Of course, Saints preserve us, if we hadn't seen Riverdance, or had to admit to ourselves that the quirky haters of the See of Rome, and Irish oft bald-diva renown the Right Rev. O'Conner were all, perhaps, a smidgen angelic and probably a-heap-o-nutty, we wouldn't drink ale at this dive, or any it resembles. We would also have to admit the terrible truth that U2, a band we honestly like, is just mildly talented, with a very charismatic generous singer and a guitar player with a gift for memorably endless, though not tiring, repetitive riffs. Pubs are, for now and deservedly, cool.

Michael's Pub is not truly, after all the above, one of those places. It sits in a run down area the City Government has put on the back burner for so long that they
invented an in-tray, in an office, in which no one works. All letters, faxes, e-mails, phone calls, notices, crime reports, complaints, autopsy files, arrest warrants, law suits, tax assessments, and anything else pertaining to the nine block square down by the Rivers edge is given to a person, to work on, that does not exist.
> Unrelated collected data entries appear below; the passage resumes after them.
(* Let $G=(V,E)$ be $(2,2)$-$C_i$-tight and let $v\in V$ have degree 3 with $N(v)\cap N(v')=\emptyset$. Then either $G[N(v)\cup\{v\}]\cong K_4$, or there exist $x,y\in N(v)$ with $xy\notin E$ such that $G-\{v,v'\}+\{xy,x'y'\}$ is $(2,2)$-$C_i$-tight.
   Context: A $\mathbb{Z}_2$-symmetric graph is a finite simple graph $G=(V,E)$ with an automorphism $\theta$, $\theta^2=\mathrm{id}$; write $v'=\theta(v)$. A vertex is fixed if $v'=v$; an edge $uv$ is fixed if $\{u',v'\}=\{u,v\}$. $G$ is $(2,2)$-sparse if every subgraph $(V',E')$ with $V'\ne\emptyset$ has $|E'|\le2|V'|-2$, $(2,2)$-tight if also $|E|=2|V|-2$. $G$ is $(2,2)$-$C_i$-tight if it is $(2,2)$-tight and $\theta$ fixes no vertex and no edge. $N(v)$ is the set of neighbours of $v$; $G-\{v,v'\}+\{xy,x'y'\}$ denotes deleting $v,v'$ and adding edges $xy,x'y'$, with the restricted involution. *)

From mathcomp Require Import all_boot.
Set Implicit Arguments. Unset Strict Implicit. Unset Printing Implicit Defensive.

Definition simple_graph (T : finType) (V : {set T}) (E : {set {set T}}) : Prop :=
  forall e, e \in E -> e \subset V /\ #|e| = 2.

(* Z2-symmetric graph: th is an involution of V (given as a global involution
   of T preserving V) that is a graph automorphism. *)
Definition Z2_graph (T : finType) (V : {set T}) (E : {set {set T}}) (th : T -> T) : Prop :=
  [/\ simple_graph V E,
      (forall x, th (th x) = x),
      (forall x, (th x \in V) = (x \in V)) &
      (forall e : {set T}, (th @: e \in E) = (e \in E))].

Definition sparse22 (T : finType) (V : {set T}) (E : {set {set T}}) : Prop :=
  forall (V' : {set T}) (E' : {set {set T}}),
    V' != set0 -> V' \subset V -> E' \subset E ->
    (forall e, e \in E' -> e \subset V') ->
    (#|E'| + 2 <= 2 * #|V'|)%N.

Definition tight22 (T : finType) (V : {set T}) (E : {set {set T}}) : Prop :=
  sparse22 V E /\ (#|E| + 2 = 2 * #|V|)%N.

Definition Ci_tight (T : finType) (V : {set T}) (E : {set {set T}}) (th : T -> T) : Prop :=
  [/\ Z2_graph V E th, tight22 V E,
      (forall x, x \in V -> th x != x) &
      (forall e : {set T}, e \in E -> th @: e != e)].

Definition nbhd (T : finType) (V : {set T}) (E : {set {set T}}) (v : T) : {set T} :=
  [set u in V | [set v; u] \in E].

Definition induced_iso_K4 (T : finType) (E : {set {set T}}) (S : {set T}) : Prop :=
  exists f : 'I_4 -> T,
    [/\ injective f, f @: setT = S &
        (forall i j : 'I_4, i != j -> [set f i; f j] \in E)].

Definition red_V (T : finType) (V : {set T}) (th : T -> T) (v : T) : {set T} :=
  V :\: [set v; th v].
Definition red_E (T : finType) (V : {set T}) (E : {set {set T}}) (th : T -> T)
    (v x y : T) : {set {set T}} :=
  [set e in E | e \subset red_V V th v] :|: [set [set x; y]; [set th x; th y]].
It is a neighborhood inhabited by those that do not want to be noticed, or found. It is a very interesting and convenient place, within a very large city, indeed. A place filled with vaguely Christian storefront-churches, here today - gone tomorrow, soup kitchens, seedy Minus-A hotels, graffiti covered warehouses, with doors that open to black cars, out of state trucks, shady shadow people, and lock up so fast that the dark interiors are never seen. The, mostly unknown, proprietors of said nondescript warehouse businesses are purveyors of most anything labeled, for legal purposes, contraband.
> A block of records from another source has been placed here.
(* Let $n\ge 2$, $0<k\le\lfloor n/2\rfloor$, $m_1,\dots,m_n\in\mathbb{R}$, and let $\mathcal{M}(t)$ be the $n\times n$ matrix whose first $k$ rows are $\big(e^{-m_1t}m_1^{r},\dots,e^{-m_nt}m_n^{r}\big)$ for $r=0,1,\dots,k-1$ and whose last $n-k$ rows are $\big(m_1^{s},\dots,m_n^{s}\big)$ for $s=0,1,\dots,n-k-1$. Then the power series of $\det\mathcal{M}(t)$ about $t=0$ has no terms of degree less than $k(n-k)$ and begins $$\det\mathcal{M}(t)=\frac{\varepsilon_{k,n}V}{(k(n-k))!}\,c_0\,t^{k(n-k)}+\dots,$$ where $V=\prod_{1\le i<j\le n}(m_i-m_j)$, $\varepsilon_{k,n}=(-1)^{k(n-k)+\sigma(k)+\sigma(n-k)}$, and $$c_0=(k(n-k))!\prod_{i=1}^{k}\frac{(i-1)!}{(n-k+i-1)!}.$$
   Context: $\sigma:\mathbb{Z}\to\{0,1\}$ is defined by $\sigma(N)=0$ if $N\equiv 0,1\pmod 4$ and $\sigma(N)=1$ if $N\equiv 2,3\pmod 4$. *)

From HB Require Import structures.
From mathcomp Require Import all_boot all_order all_algebra.
Set Implicit Arguments. Unset Strict Implicit. Unset Printing Implicit Defensive.
Import Order.TTheory GRing.Theory Num.Theory.
Local Open Scope ring_scope.

Definition sigma (N : nat) : nat := if (N %% 4 < 2)%N then 0%N else 1%N.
There is a Café, with a C rating from 1983. The rating was given because the plates and silverware didn't match, not because of cleanliness. The place is always spotless, but no one from Downtown has been down here, since the last inspection, to see the new china and cutlery. An ex-cop, Johnny O'Shea, runs the Eatery. Of whom, 'tis said, got caught taking a bribe, did some time, learned a lot about cooking while in the joint, and came back to live in the environs of his old beat.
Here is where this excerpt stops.